What the task asks
Return the lines from the start of the data through the line with "intros [C [_". Include both of those lines and no others.

[Stored data]
Lemma kolm_ok_power_bound G p :
  (exists C, 0 < C /\
     forall eps, 0 < eps <= 1 ->
       exists d, is_kolm_dim G eps d /\ INR d <= C * Rpower eps (- p)) ->
  exists C, 1 <= C /\
     forall eps, 0 < eps <= 1 ->
       exists d, kolm_ok G eps d /\ INR d <= C * Rpower eps (- p).
Proof.
  intros [C [_ HC]]. exists (Rmax C 1). split; [apply Rmax_r|].
  intros eps Heps. destruct (HC eps Heps) as [d [[Hd _] Hbound]].
  exists d. split; auto. apply (Rle_trans _ _ _ Hbound).
  apply Rmult_le_compat_r; [left; apply exp_pos|apply Rmax_l].
Qed.

Theorem mainTheorem14 (G : seqR -> Prop) (p : R) :
  orthosymmetric G -> convex G -> l2compact G ->
  0 < p < 1 ->
  (exists C, 0 < C /\
     forall eps, 0 < eps <= 1 ->
       exists d, is_kolm_dim G eps d /\ INR d <= C * Rpower eps (- p)) ->
  exists C', 0 < C' /\
     forall eps, 0 < eps <= 1 ->
       exists d, is_coord_kolm_dim G eps d /\
         INR d <= C' * Rpower eps (- (p / (1 - p))).
Proof.
  intros Hos Hcv Hcp Hp Hdim.
  destruct (kolm_ok_power_bound G p Hdim) as [C [HC Hkolm]].
  set (K := / (4 * C)).
  assert (HK : 0 < K <= / 4) by (split; [apply Rinv_0_lt_compat|apply Rinv_le_contravar]; lra).
  exists (5 * C * Rpower (K / 2) (- p)).
  split; [apply Rmult_lt_0_compat; [lra|apply exp_pos]|].
  intros eps Heps.
  set (eta := K * Rpower eps (/ (1 - p))).
  assert (Heta : 0 < eta <= K)
    by (apply Rpower_scaled_bounds; [lra|lra|apply Rlt_le, Rinv_0_lt_compat; lra]).
  destruct (Hkolm (eps / 4)) as [d1 [Hk1 Hd1]]; [lra|].
  destruct (Hkolm (eta / 2)) as [d2 [Hk2 Hd2]]; [lra|].
  destruct (coord_ok_of_kolm_ok G eps (eps / 4) eta d1 d2) as [n [Hn Hn5]]; auto; try lra.
  { apply tail_budget; auto. }
  destruct (coord_kolm_dim_le G eps n Hn) as [d [Hd Hdn]].
  exists d. split; auto.
  replace (eta / 2) with (K / 2 * Rpower eps (/ (1 - p))) in Hd2 by (unfold eta; field).
  rewrite Rpower_mul_Rpower in Hd2 by lra.
  replace (/ (1 - p) * - p) with (- (p / (1 - p))) in Hd2 by (field; lra).
  apply le_INR in Hdn. apply le_INR in Hn5. rewrite mult_INR in Hn5.
  replace (INR 5) with 5 in Hn5 by (simpl; ring). nra.
Qed.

Response area
Lemma kolm_ok_power_bound G p :
  (exists C, 0 < C /\
     forall eps, 0 < eps <= 1 ->
       exists d, is_kolm_dim G eps d /\ INR d <= C * Rpower eps (- p)) ->
  exists C, 1 <= C /\
     forall eps, 0 < eps <= 1 ->
       exists d, kolm_ok G eps d /\ INR d <= C * Rpower eps (- p).
Proof.
  intros [C [_ HC]]. exists (Rmax C 1). split; [apply Rmax_r|].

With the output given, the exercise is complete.